[Stored data]

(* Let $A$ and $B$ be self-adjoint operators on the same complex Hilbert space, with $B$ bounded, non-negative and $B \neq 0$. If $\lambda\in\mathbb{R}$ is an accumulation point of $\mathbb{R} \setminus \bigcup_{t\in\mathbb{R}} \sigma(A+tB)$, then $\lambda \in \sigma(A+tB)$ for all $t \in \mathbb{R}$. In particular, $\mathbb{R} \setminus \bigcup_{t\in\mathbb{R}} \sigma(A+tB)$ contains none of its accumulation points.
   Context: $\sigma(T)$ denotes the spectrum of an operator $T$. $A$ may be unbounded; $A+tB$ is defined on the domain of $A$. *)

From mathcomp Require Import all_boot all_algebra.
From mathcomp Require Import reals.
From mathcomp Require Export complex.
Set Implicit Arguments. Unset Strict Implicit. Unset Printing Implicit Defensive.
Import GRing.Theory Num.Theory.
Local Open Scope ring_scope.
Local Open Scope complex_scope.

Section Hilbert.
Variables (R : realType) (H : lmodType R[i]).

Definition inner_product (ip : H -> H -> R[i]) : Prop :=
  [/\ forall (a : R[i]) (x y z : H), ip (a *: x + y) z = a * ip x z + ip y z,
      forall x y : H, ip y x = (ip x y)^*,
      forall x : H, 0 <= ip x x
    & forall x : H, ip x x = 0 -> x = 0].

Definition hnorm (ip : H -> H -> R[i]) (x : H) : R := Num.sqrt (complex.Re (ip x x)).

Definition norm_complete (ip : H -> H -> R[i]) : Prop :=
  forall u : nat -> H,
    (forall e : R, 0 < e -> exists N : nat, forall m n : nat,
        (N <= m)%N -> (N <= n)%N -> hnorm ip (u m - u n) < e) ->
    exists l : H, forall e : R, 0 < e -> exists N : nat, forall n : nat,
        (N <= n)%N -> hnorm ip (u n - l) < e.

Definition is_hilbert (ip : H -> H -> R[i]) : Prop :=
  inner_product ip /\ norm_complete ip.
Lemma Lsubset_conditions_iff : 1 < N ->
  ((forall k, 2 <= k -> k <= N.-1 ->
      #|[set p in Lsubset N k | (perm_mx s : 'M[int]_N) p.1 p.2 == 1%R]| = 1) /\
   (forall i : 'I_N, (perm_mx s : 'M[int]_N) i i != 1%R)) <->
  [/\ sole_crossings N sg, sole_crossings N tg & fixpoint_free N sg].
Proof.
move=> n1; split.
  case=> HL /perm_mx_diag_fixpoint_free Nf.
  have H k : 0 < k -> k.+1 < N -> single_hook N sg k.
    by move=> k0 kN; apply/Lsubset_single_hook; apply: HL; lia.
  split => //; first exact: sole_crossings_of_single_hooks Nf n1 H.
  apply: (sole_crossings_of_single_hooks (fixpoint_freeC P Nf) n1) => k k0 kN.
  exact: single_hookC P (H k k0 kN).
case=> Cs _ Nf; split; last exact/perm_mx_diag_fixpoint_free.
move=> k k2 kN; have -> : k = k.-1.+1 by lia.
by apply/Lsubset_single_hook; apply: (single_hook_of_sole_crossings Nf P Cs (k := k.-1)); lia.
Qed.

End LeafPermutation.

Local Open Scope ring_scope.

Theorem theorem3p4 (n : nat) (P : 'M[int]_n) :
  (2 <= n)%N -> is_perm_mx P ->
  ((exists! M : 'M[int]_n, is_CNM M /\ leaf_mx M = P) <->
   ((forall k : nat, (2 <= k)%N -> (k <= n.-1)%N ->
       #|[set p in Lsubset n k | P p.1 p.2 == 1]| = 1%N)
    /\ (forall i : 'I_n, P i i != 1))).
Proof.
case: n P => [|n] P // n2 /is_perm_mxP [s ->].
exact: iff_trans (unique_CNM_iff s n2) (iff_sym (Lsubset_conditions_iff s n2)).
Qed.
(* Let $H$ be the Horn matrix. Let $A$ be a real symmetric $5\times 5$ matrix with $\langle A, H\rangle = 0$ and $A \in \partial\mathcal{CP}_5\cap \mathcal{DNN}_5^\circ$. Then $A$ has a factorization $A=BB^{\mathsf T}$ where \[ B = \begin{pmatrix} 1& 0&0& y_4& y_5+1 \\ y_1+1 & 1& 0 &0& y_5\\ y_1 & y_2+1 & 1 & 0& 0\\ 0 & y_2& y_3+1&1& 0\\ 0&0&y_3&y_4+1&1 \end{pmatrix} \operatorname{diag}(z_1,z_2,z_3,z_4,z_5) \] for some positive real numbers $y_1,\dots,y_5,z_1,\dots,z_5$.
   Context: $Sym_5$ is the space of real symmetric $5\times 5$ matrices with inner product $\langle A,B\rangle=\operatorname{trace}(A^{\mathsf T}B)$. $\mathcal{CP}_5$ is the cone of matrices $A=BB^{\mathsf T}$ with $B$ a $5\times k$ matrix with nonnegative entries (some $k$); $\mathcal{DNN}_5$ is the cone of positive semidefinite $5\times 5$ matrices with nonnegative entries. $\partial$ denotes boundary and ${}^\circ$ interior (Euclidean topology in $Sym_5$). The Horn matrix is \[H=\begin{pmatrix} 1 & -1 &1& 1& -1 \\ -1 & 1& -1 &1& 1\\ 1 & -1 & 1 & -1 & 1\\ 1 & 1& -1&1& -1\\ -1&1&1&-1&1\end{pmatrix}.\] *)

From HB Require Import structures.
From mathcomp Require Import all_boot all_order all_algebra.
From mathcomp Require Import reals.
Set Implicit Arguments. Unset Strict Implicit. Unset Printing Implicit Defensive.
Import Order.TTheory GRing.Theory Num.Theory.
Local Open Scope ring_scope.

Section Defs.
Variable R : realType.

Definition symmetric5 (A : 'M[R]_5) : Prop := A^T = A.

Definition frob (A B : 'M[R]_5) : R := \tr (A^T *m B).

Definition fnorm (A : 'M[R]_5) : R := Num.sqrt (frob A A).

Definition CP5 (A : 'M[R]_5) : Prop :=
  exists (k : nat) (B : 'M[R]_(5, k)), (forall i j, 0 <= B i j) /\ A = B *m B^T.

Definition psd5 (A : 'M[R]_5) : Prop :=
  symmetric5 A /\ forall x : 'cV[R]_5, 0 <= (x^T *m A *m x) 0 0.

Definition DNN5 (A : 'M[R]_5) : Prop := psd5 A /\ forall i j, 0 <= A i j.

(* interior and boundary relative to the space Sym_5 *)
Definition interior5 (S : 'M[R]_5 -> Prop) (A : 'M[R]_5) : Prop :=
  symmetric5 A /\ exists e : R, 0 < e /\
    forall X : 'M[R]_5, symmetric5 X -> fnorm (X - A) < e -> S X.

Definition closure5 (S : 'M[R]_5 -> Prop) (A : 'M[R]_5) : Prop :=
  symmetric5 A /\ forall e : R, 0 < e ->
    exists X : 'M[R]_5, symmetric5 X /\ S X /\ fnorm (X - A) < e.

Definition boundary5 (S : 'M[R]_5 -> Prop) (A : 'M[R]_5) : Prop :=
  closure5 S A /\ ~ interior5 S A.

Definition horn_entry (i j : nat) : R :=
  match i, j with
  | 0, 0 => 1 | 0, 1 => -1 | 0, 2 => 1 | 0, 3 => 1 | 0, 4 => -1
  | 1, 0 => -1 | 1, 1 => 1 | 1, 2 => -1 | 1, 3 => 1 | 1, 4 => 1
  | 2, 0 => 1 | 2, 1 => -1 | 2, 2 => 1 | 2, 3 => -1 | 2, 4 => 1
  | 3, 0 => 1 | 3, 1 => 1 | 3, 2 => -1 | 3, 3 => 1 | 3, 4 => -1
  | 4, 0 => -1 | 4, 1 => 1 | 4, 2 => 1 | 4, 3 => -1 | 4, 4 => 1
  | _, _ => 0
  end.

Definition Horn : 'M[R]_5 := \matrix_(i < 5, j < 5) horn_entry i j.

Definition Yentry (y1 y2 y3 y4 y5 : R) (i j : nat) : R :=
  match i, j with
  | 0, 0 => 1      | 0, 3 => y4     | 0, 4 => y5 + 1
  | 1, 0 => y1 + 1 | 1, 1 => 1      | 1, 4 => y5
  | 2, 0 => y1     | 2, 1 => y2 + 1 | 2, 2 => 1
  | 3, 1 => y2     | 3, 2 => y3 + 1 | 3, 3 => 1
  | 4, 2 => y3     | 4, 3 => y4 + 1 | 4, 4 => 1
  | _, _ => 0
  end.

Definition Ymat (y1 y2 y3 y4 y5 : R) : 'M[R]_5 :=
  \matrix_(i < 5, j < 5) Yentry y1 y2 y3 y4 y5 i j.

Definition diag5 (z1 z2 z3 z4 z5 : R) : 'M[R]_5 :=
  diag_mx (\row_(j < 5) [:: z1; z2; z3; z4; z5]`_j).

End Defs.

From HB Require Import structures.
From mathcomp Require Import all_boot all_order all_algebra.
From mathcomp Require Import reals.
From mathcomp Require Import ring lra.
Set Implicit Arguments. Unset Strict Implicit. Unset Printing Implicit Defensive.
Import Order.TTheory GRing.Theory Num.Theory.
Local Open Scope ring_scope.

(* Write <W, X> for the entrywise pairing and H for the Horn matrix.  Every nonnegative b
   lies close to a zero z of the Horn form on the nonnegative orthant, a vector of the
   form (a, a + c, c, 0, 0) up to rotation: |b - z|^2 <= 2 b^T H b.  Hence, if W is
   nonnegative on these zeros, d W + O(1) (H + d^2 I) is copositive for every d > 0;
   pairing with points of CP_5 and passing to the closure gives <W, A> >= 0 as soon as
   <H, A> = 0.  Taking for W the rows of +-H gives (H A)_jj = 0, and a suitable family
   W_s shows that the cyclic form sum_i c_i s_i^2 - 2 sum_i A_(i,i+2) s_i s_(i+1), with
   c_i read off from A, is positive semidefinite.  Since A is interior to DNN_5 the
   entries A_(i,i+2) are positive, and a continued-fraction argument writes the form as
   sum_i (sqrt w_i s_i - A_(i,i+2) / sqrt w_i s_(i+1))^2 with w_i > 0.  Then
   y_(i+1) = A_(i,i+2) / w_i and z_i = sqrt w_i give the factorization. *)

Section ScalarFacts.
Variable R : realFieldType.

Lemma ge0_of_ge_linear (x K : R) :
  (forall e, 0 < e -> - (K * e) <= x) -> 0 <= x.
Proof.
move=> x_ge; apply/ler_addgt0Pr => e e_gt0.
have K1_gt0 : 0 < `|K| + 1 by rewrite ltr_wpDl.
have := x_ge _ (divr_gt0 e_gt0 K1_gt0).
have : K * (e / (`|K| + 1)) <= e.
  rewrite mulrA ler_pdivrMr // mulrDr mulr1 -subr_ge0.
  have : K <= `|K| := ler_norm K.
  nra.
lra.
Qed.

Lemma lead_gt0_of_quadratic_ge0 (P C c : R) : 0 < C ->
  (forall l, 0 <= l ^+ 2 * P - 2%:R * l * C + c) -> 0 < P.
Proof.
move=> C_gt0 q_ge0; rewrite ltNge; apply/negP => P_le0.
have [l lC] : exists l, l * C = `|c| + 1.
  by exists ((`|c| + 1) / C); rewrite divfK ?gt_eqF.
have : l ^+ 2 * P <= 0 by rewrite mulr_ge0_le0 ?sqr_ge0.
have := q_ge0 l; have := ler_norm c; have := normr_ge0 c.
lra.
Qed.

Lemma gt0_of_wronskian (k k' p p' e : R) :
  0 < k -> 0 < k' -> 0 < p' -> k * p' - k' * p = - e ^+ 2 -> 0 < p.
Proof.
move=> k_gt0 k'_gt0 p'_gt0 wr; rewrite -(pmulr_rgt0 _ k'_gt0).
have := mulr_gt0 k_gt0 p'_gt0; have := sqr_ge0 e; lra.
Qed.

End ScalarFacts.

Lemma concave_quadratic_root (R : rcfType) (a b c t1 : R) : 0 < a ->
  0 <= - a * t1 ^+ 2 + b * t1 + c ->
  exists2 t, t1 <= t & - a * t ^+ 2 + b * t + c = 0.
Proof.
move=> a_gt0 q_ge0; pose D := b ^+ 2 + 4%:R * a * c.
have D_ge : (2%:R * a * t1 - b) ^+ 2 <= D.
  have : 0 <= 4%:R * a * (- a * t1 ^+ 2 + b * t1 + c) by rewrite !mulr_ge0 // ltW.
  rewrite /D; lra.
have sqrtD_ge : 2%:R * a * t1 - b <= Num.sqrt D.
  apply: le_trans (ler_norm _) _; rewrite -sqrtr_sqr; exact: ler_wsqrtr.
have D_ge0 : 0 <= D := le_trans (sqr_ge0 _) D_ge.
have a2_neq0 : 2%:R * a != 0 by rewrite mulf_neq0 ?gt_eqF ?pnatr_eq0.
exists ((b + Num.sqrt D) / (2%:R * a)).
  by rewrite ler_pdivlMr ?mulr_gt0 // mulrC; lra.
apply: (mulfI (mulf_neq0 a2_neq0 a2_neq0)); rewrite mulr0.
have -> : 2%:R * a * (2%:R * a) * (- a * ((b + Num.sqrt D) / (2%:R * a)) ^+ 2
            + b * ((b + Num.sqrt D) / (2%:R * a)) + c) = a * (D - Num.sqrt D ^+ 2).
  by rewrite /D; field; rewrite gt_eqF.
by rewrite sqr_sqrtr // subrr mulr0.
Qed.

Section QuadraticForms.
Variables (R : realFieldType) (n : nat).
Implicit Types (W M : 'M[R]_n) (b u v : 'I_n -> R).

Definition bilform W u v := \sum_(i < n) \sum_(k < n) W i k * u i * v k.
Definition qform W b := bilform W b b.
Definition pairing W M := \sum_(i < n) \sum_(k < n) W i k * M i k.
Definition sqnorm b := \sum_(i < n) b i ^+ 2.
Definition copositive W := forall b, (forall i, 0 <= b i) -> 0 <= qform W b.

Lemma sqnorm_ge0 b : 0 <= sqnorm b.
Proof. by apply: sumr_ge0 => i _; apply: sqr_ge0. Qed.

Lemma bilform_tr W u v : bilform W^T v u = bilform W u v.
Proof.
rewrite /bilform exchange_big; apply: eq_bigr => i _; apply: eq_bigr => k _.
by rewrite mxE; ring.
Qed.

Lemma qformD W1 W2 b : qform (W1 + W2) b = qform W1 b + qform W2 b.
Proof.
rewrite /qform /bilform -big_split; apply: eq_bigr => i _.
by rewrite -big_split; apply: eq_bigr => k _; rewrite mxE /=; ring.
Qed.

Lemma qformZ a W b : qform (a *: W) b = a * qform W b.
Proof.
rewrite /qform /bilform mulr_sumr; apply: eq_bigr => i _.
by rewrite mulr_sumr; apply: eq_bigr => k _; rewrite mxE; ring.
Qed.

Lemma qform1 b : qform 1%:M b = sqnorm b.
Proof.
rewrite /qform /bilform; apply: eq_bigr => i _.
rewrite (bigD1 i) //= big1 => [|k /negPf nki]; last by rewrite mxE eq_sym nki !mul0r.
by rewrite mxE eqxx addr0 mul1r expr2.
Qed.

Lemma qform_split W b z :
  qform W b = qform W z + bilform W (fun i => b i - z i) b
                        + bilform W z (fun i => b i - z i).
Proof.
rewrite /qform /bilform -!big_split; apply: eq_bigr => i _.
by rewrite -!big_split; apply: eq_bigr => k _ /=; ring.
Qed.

EXERCISE DESCRIPTION
Only one stretch of the records above is wanted: the lines between the one holding "Lemma bilform_tr W" and the one holding "rewrite /qform /bilform mulr_sumr;", inclusive, reproduced exactly.

THE COMPLETED TASK
Lemma bilform_tr W u v : bilform W^T v u = bilform W u v.
Proof.
rewrite /bilform exchange_big; apply: eq_bigr => i _; apply: eq_bigr => k _.
by rewrite mxE; ring.
Qed.

Lemma qformD W1 W2 b : qform (W1 + W2) b = qform W1 b + qform W2 b.
Proof.
rewrite /qform /bilform -big_split; apply: eq_bigr => i _.
by rewrite -big_split; apply: eq_bigr => k _; rewrite mxE /=; ring.
Qed.

Lemma qformZ a W b : qform (a *: W) b = a * qform W b.
Proof.
rewrite /qform /bilform mulr_sumr; apply: eq_bigr => i _.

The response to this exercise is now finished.